The Morality of Knowledge in Conversation
Title | The Morality of Knowledge in Conversation PDF eBook |
Author | Tanya Stivers |
Publisher | Cambridge University Press |
Pages | 357 |
Release | 2011-06-02 |
Genre | Language Arts & Disciplines |
ISBN | 1139499912 |
Each time we take a turn in conversation we indicate what we know and what we think others know. However, knowledge is neither static nor absolute. It is shaped by those we interact with and governed by social norms - we monitor one another for whether we are fulfilling our rights and responsibilities with respect to knowledge, and for who has relatively more rights to assert knowledge over some state of affairs. This book brings together an international team of leading linguists, sociologists and anthropologists working across a range of European and Asian languages to document some of the ways in which speakers manage the moral domain of knowledge in conversation. The volume demonstrates that if we are to understand how speakers manage issues of agreement, affiliation and alignment - something clearly at the heart of human sociality - we must understand the social norms surrounding epistemic access, primacy and responsibilities.

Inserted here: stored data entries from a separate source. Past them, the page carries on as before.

Lemma Cmod_1_e2pi (z : C) : Cmod z = 1 -> exists t, z = e2pi t.
Proof.
  destruct z as [x y]; unfold Cmod; simpl; intro H.
  assert (H1 : x * x + y * y = 1).
  { rewrite !Rmult_1_r in H. rewrite <- (sqrt_sqrt (x * x + y * y)) by nra. rewrite H; ring. }
  assert (Hx : -1 <= x <= 1) by nra. pose proof PI_RGT_0.
  destruct (Rle_or_lt 0 y) as [Hy|Hy].
  - exists (acos x / (2 * PI)). unfold e2pi.
    replace (2 * PI * (acos x / (2 * PI))) with (acos x) by (field; lra).
    rewrite cos_acos, sin_acos by auto. f_equal.
    replace (1 - x²) with (y * y) by (unfold Rsqr; lra). rewrite sqrt_square; auto.
  - exists (- acos x / (2 * PI)). unfold e2pi.
    replace (2 * PI * (- acos x / (2 * PI))) with (- acos x) by (field; lra).
    rewrite cos_neg, sin_neg, cos_acos, sin_acos by auto. f_equal.
    replace (1 - x²) with ((- y) * (- y)) by (unfold Rsqr; lra). rewrite sqrt_square; lra.
Qed.

Lemma U1_valued_log {T : Type} (inG : T -> Prop) (s : T -> T -> C) :
  (forall g h, inG g -> inG h -> Cmod (s g h) = 1) ->
  exists th : T -> T -> R, forall g h, inG g -> inG h -> s g h = e2pi (th g h).
Proof.
  intro Hmod.
  assert (Hlog : forall gh : T * T, exists t, inG (fst gh) -> inG (snd gh) -> s (fst gh) (snd gh) = e2pi t).
  { intros [g h]. destruct (classic (inG g /\ inG h)) as [[Hg Hh]|Hn].
    - destruct (Cmod_1_e2pi _ (Hmod g h Hg Hh)) as [t Ht]. exists t; auto.
    - exists 0; simpl; tauto. }
  destruct (ClassicalEpsilon.choice _ Hlog) as [f Hf]. exists (fun g h => f (g, h)).
  intros g h; exact (Hf (g, h)).
Qed.

(* R/Z-valued cochains are real-valued functions read modulo Z (via [eqz]);
   coboundaries are taken of real-valued 1-cochains. *)
Section CohomologyModZ.
Context {T : Type} (inG : T -> Prop) (mul : T -> T -> T).

Definition cocycle_modZ (th : T -> T -> R) : Prop :=
  forall g h k, inG g -> inG h -> inG k ->
    eqz (th g h + th (mul g h) k) (th h k + th g (mul h k)).

Definition cohomologous_modZ (th th' : T -> T -> R) : Prop :=
  exists b : T -> R, forall g h, inG g -> inG h ->
    eqz (th g h) (th' g h + (b g + b h - b (mul g h))).

Lemma cohomologous_modZ_trans th1 th2 th3 :
  cohomologous_modZ th1 th2 -> cohomologous_modZ th2 th3 -> cohomologous_modZ th1 th3.
Proof.
  intros [b1 H1] [b2 H2]. exists (fun g => b1 g + b2 g). intros g h Hg Hh.
  eqz_by (H1 g h Hg Hh ⊕ H2 g h Hg Hh).
Qed.
(* Let $\alpha=0$ and $\lambda\in\mathbb{N}$. Define functions $g(s;0,\lambda)$ by $g(s;0,0)=0$, $$g(s;0,1)=1-\frac{I_0^2(\sqrt s)}{I_1^2(\sqrt s)},$$ and, for $\lambda\ge1$, the difference equation in $\lambda$ $$\frac{1}{\sqrt{1-g(s;0,\lambda+1)}}+\frac{1}{\sqrt{1-g(s;0,\lambda-1)}}=-\frac{2\lambda\sqrt{1-g(s;0,\lambda)}}{\sqrt s\,g(s;0,\lambda)}.$$ Then for each positive integer $\lambda$, $g(s;0,\lambda)$ is an exact solution of $$\frac{d^2g}{ds^2}=\frac{3g-1}{2g(g-1)}\left(\frac{dg}{ds}\right)^2-\frac1s\frac{dg}{ds}-\frac{\lambda^2(g-1)^2}{2s^2g}+\frac{g}{2s}$$ (i.e. $P_V(0,-\frac{\lambda^2}{2},\frac12,0)$), and $$\mathcal{H}(s;0,\lambda)=\frac{(sg'(s;0,\lambda))^2}{4g(s;0,\lambda)(g(s;0,\lambda)-1)^2}-\frac{\lambda^2}{4g(s;0,\lambda)}+\frac{sg(s;0,\lambda)}{4(g(s;0,\lambda)-1)}$$ is the corresponding solution of $(s\mathcal{H}'')^2=\mathcal{H}'(4\mathcal{H}'-1)(\mathcal{H}-s\mathcal{H}')+\frac1{16}\left[4\lambda\mathcal{H}'-\lambda\right]^2$.
   Context: $I_k$ denotes the modified Bessel function of the first kind of order $k$. *)

From Stdlib Require Import Reals Factorial.
From Coquelicot Require Import Coquelicot.
Open Scope R_scope.

(* Modified Bessel function of the first kind of order k:
   I_k(x) = sum_{m>=0} (x/2)^(2m+k) / (m! (m+k)!). *)
Definition besselI (k : nat) (x : R) : R :=
  (x / 2) ^ k *
  PSeries (fun m : nat => / INR (fact m * fact (m + k))) ((x / 2) ^ 2).

Definition g1 (s : R) : R :=
  1 - (besselI 0 (sqrt s)) ^ 2 / (besselI 1 (sqrt s)) ^ 2.

(* The difference equation solved for g(s;0,lam+1):
   1/sqrt(1 - g_{lam+1}) = X := -2 lam sqrt(1-g_lam)/(sqrt s g_lam) - 1/sqrt(1-g_{lam-1}),
   hence g_{lam+1} = 1 - 1/X^2. *)
Definition gnext (lam gm g s : R) : R :=
  let X := - (2 * lam * sqrt (1 - g)) / (sqrt s * g) - / sqrt (1 - gm) in
  1 - / (X ^ 2).

(* gpair n s = (g(s;0,n), g(s;0,n+1)) *)
Fixpoint gpair (n : nat) (s : R) : R * R :=
  match n with
  | O => (0, g1 s)
  | S m => let (a, b) := gpair m s in (b, gnext (INR (S m)) a b s)
  end.

Definition g (lam : nat) (s : R) : R := fst (gpair lam s).

Definition Hfun (lam : nat) (s : R) : R :=
  let G := g lam s in
  let G' := Derive (g lam) s in
  (s * G') ^ 2 / (4 * G * (G - 1) ^ 2) - (INR lam) ^ 2 / (4 * G)
  + s * G / (4 * (G - 1)).

From Stdlib Require Import Reals Lra Lia Factorial.
From Coquelicot Require Import Coquelicot.
Open Scope R_scope.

Features of Naturalness in Conversation
Title | Features of Naturalness in Conversation PDF eBook |
Author | Martin Warren |
Publisher | John Benjamins Publishing |
Pages | 287 |
Release | 2006-01-01 |
Genre | Language Arts & Disciplines |
ISBN | 9027253951 |
The study describes a detailed and original piece of research work, investigating a very important genre of human communication, and that is conversation. It provides a definition of the genre of conversation by describing nine features of conversation, namely multiple sources, discourse coherence, language as doing, co-operation, unfolding, open-endedness, artifacts, inexplicitness and shared responsibility. These nine features of naturalness in conversation serve to distinguish conversation from specialized discourse types. The study illustrates the nine defining features of conversation with authentic conversational data collected surreptitiously in England. While this study is of native speakers of English, the nine defining features of naturalness of English conversation are applicable to conversations conducted in other languages.